Официальная советская критика не принимала творчество Булгакова, его произведения не печатались, пьесы не ставились; то немногое, что было разрешено показать при его жизни, было издано частично, некоторые произведения увидели свет за границей. Булгаков показывал современную ему жизнь такой, какая она была, во всей ее неприглядности, абсурдности. Булгаков осмеливается сравнить нашествие люмпенов шариковых со всемирным потопом: мотив “потопа”, вызванного неумением Шарикова обращаться с водопроводным краном, очень символичен.

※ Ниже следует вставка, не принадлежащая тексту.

(** * Counting Boolean models *)

Lemma bool_NMm : is_NMm bool_ops.
Proof. by split; first split; rewrite /o_le /o_neg /o_biimp /o_sq /=; repeat case. Qed.

Lemma eq_eval A (o : nm_ops A) n (v v' : 'I_n -> A) t : v =1 v' -> eval o v t = eval o v' t.
Proof. by move=> vv'; elim: t => //= [a -> b ->|a -> b ->|a -> b ->|a -> b ->]. Qed.

Section Counting.
Variable n : nat.
Local Notation T := (sep_top n).
Local Notation C := 'I_T.+1.
Local Notation o := (chain_ops T).

Lemma nm_equiv_chainP (a b : form n) :
  nm_equiv a b <-> forall w : 'I_n -> C, eval o w a = eval o w b.
Proof.
split=> [ab w|ab A oA NMm_A v]; first exact: ab _ _ (chain_NMm _) w.
by apply: NNPP => /(chain_separates NMm_A) [w]; apply.
Qed.

Lemma nm_equiv_sym (a b : form n) : nm_equiv a b -> nm_equiv b a.
Proof. by move=> ab A oA NMm_A v; rewrite (ab A oA NMm_A v). Qed.

Definition models (phi : form n) := [set mu : {ffun 'I_n -> bool} | eval bool_ops mu phi].

Lemma models_equiv a b : nm_equiv a b -> models a = models b.
Proof. by move=> ab; apply/setP => mu; rewrite !inE (ab _ _ bool_NMm mu). Qed.

Lemma card_models_valuation a b :
  (INR #|models a| + INR #|models b| =
   INR #|models (FOr a b)| + INR #|models (FAnd a b)|)%R.
Proof.
have -> : models (FOr a b) = models a :|: models b by apply/setP => mu; rewrite !inE.
have -> : models (FAnd a b) = models a :&: models b by apply/setP => mu; rewrite !inE.
by rewrite -!plus_INR; congr INR; apply/esym/cardsUI.
Qed.

Lemma models0 : models FBot = set0.
Proof. by apply/setP => mu; rewrite !inE. Qed.

Definition FNeg (a : form n) := FImp a FBot.

(* Splitting along [x_i ⇒ ¬x_i] and [¬x_i ⇒ x_i] separates any two models that
   differ at x_i. *)
Lemma join_irred_models_le1 g : join_irred g -> #|models g| <= 1.
Proof.
move=> [_ g_irr]; apply/card_le1_eqP => mu1 mu2; rewrite !inE => g1 g2.
apply/ffunP => i; apply: NNPP => mu12.
pose p := FImp (FVar i) (FNeg (FVar i)); pose q := FImp (FNeg (FVar i)) (FVar i).
have g_split : nm_equiv g (FOr (FAnd g p) (FAnd g q)).
  by apply/nm_equiv_chainP => w; apply/esym/chain_meet_prelin.
have no_model mu r : eval bool_ops mu g -> ~~ eval bool_ops mu r -> ~ nm_equiv g (FAnd g r).
  by move=> gmu rmu /(_ _ _ bool_NMm mu) /=; rewrite gmu (negbTE rmu).
wlog mu1i : mu1 mu2 g1 g2 mu12 / mu1 i.
  move=> gen; case mu1i: (mu1 i); first exact: (gen mu1 mu2).
  apply: (gen mu2 mu1) => //; first exact: nesym.
  by move: mu12; rewrite mu1i; case: (mu2 i).
have mu2i : ~~ mu2 i by move: mu12; rewrite mu1i; case: (mu2 i).
by case: (g_irr _ _ g_split); [apply: (no_model mu1) | apply: (no_model mu2)];
  rewrite //= ?mu1i ?(negbTE mu2i).
Qed.

Lemma join_irred_idempotent_models g : join_irred g -> Defs.idempotent g -> #|models g| = 1.
Proof.
move=> g_irr g_idem; apply/anti_leq/andP; split; first exact: join_irred_models_le1.
have [w gw0] : exists w : 'I_n -> C, eval o w g <> o_bot o.
  by apply: NNPP => all0; case: g_irr => + _; apply; apply/nm_equiv_chainP => w;
     apply: NNPP => gw; apply: all0; exists w.
have g_high : high (eval o w g).
  have : o_mul o (eval o w g) (eval o w g) = eval o w g.
    exact: (proj1 (nm_equiv_chainP _ _) g_idem w).
  move: (eval o w g) gw0 => x x0 /(congr1 (@nat_of_ord _)).
  have : x <> 0 :> nat by move=> x_0; apply/x0/ord_inj; rewrite x_0 chainE.
  by rewrite /high chainE /nm_mul /sep_top; case: ifP; lia.
apply/card_gt0P; exists [ffun i => high (w i)]; rewrite inE.
by rewrite (eq_eval _ _ (ffunE _)) -high_eval.
Qed.

Lemma join_irred_not_idempotent_models g :
  join_irred g -> ~ Defs.idempotent g -> models g = set0.
Proof.
move=> [_ g_irr] g_nidem.
have g_split : nm_equiv g (FOr (FConj g g) (FAnd g (FNeg g))).
  by apply/nm_equiv_chainP => w; apply/esym/chain_sq_join_meet_neg.
case: (g_irr _ _ g_split) => [/nm_equiv_sym //|g_neg].
apply/setP => mu; rewrite !inE; apply/negP => gmu.
by move: (g_neg _ _ bool_NMm mu) => /=; rewrite gmu.
Qed.

Lemma is_chi_plus_models : is_chi_plus (fun phi => INR #|models phi|).
Proof.
split; [|split; [|split]].
- by move=> a b /models_equiv ->.
- exact: card_models_valuation.
- by rewrite models0 cards0.
- move=> g g_irr; split=> [g_idem|g_nidem].
    by rewrite join_irred_idempotent_models.
  by rewrite join_irred_not_idempotent_models // cards0.
Qed.

Definition weight (phi : form n) := \sum_(w : {ffun 'I_n -> C}) eval o w phi.

Lemma sum_ltn (I : finType) (f g : I -> nat) i0 :
  (forall i, f i <= g i) -> f i0 < g i0 -> \sum_i f i < \sum_i g i.
Proof.
move=> fg fg0; rewrite (bigD1 i0) //= [X in _ < X](bigD1 i0) //= -addSn.
by apply: leq_add => //; apply: leq_sum.
Qed.

Lemma weight_lt (a phi : form n) :
  (forall w, eval o w a <= eval o w phi) -> ~ nm_equiv a phi -> weight a < weight phi.
Proof.
move=> le_a a_phi; have [w neq_w] : exists w : {ffun 'I_n -> C}, eval o w a <> eval o w phi.
  apply: NNPP => eq_a; apply/a_phi/nm_equiv_chainP => w; apply: NNPP => neq_w.
  by apply: eq_a; exists [ffun i => w i]; rewrite !(eq_eval _ _ (ffunE _)).
apply: sum_ltn => [w'|]; first exact: le_a.
by rewrite ltn_neqAle le_a andbT; apply/eqP => /ord_inj /neq_w.
Qed.

Lemma reducible_join_split (phi : form n) : ~ nm_equiv phi FBot -> ~ join_irred phi ->
  exists a b, [/\ nm_equiv phi (FOr a b), ~ nm_equiv a phi & ~ nm_equiv b phi].
Proof.
move=> phi_n0 phi_red; apply: NNPP => no_split; apply: phi_red; split=> // a b phi_ab.
apply: NNPP => /not_or_and [a_phi b_phi]; apply: no_split.
by exists a, b; split=> // /nm_equiv_sym.
Qed.

Lemma join_split_weight_lt (phi a b : form n) :
  nm_equiv phi (FOr a b) -> ~ nm_equiv a phi -> ~ nm_equiv b phi ->
  [/\ weight a < weight phi, weight b < weight phi & weight (FAnd a b) < weight phi].
Proof.
move=> phi_ab a_phi b_phi.
have le_phi c : (forall w, eval o w c <= eval o w (FOr a b)) ->
    forall w, eval o w c <= eval o w phi.
  by move=> le_c w; rewrite (proj1 (nm_equiv_chainP _ _) phi_ab w).
have le_a : forall w, eval o w a <= eval o w phi.
  by apply: le_phi => w /=; rewrite chainE leq_maxl.
have le_b : forall w, eval o w b <= eval o w phi.
  by apply: le_phi => w /=; rewrite chainE leq_maxr.
have le_ab : forall w, eval o w (FAnd a b) <= eval o w phi.
  by move=> w; apply: leq_trans (le_a w); rewrite /= chainE geq_minl.
have ab_phi : ~ nm_equiv (FAnd a b) phi.
  move=> /nm_equiv_chainP ab_phi; apply/a_phi/nm_equiv_chainP => w.
  by apply/ord_inj/anti_leq; rewrite le_a -(ab_phi w) /= chainE geq_minl.
by split; apply: weight_lt.
Qed.

(* A valuation is determined by its values on ⊥ and on the join irreducibles:
   induction on the weight of a formula. *)
Lemma is_chi_plus_unique nu phi : is_chi_plus nu -> nu phi = INR #|models phi|.
Proof.
move=> [nu_equiv [nu_val [nu0 nu_irr]]].
elim: {phi}(weight phi).+1 {-2}phi (ltnSn (weight phi)) => // m IHm phi.
rewrite ltnS => phi_m.
case: (classic (nm_equiv phi FBot)) => [phi0|phi_n0].
  by rewrite (nu_equiv _ _ phi0) nu0 (models_equiv phi0) models0 cards0.
case: (classic (join_irred phi)) => [phi_irr|phi_red].
  have [nu1 nu0'] := nu_irr _ phi_irr.
  case: (classic (Defs.idempotent phi)) => [phi_idem|phi_nidem].
    by rewrite nu1 // join_irred_idempotent_models.
  by rewrite nu0' // join_irred_not_idempotent_models // cards0.
have [a [b [phi_ab a_phi b_phi]]] := reducible_join_split phi_n0 phi_red.
have [wa wb wab] := join_split_weight_lt phi_ab a_phi b_phi.
rewrite (nu_equiv _ _ phi_ab) (models_equiv phi_ab).
have := nu_val a b.
rewrite (IHm a (leq_trans wa phi_m)) (IHm b (leq_trans wb phi_m)).
rewrite (IHm _ (leq_trans wab phi_m)).
by have := card_models_valuation a b; lra.
Qed.

End Counting.

(* The argument works for every n. *)
Theorem theorem8 (n : nat) (hn : (1 <= n)%N) :
  (exists nu : form n -> R, is_chi_plus nu) /\
  forall nu : form n -> R, is_chi_plus nu ->
    forall phi : form n,
      nu phi = INR #|[set mu : {ffun 'I_n -> bool} | eval bool_ops mu phi]|.
Proof.
split; first by exists (fun phi => INR #|models phi|); apply: is_chi_plus_models.
by move=> nu nu_chi phi; apply: is_chi_plus_unique.
Qed.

Булгаков от безысходности неоднократно писал Сталину, сначала с просьбой разрешить ему печататься, а вскоре с пожеланием покинуть страну. “На широком поле словесности российской в СССР я был один единственный литературный волк. Мне советовали выкрасить шкуру. Нелепый совет. Крашенный ли волк, стриженный ли волк, он все равно не похож на пуделя”. Такой яркой и откровенной картине Советской России со столь откровенным осуждением “нового человека”, что мы видим в произведениях Булгакова, не позволено было появиться перед обществом, породившим, собственно, этого “нового человека”.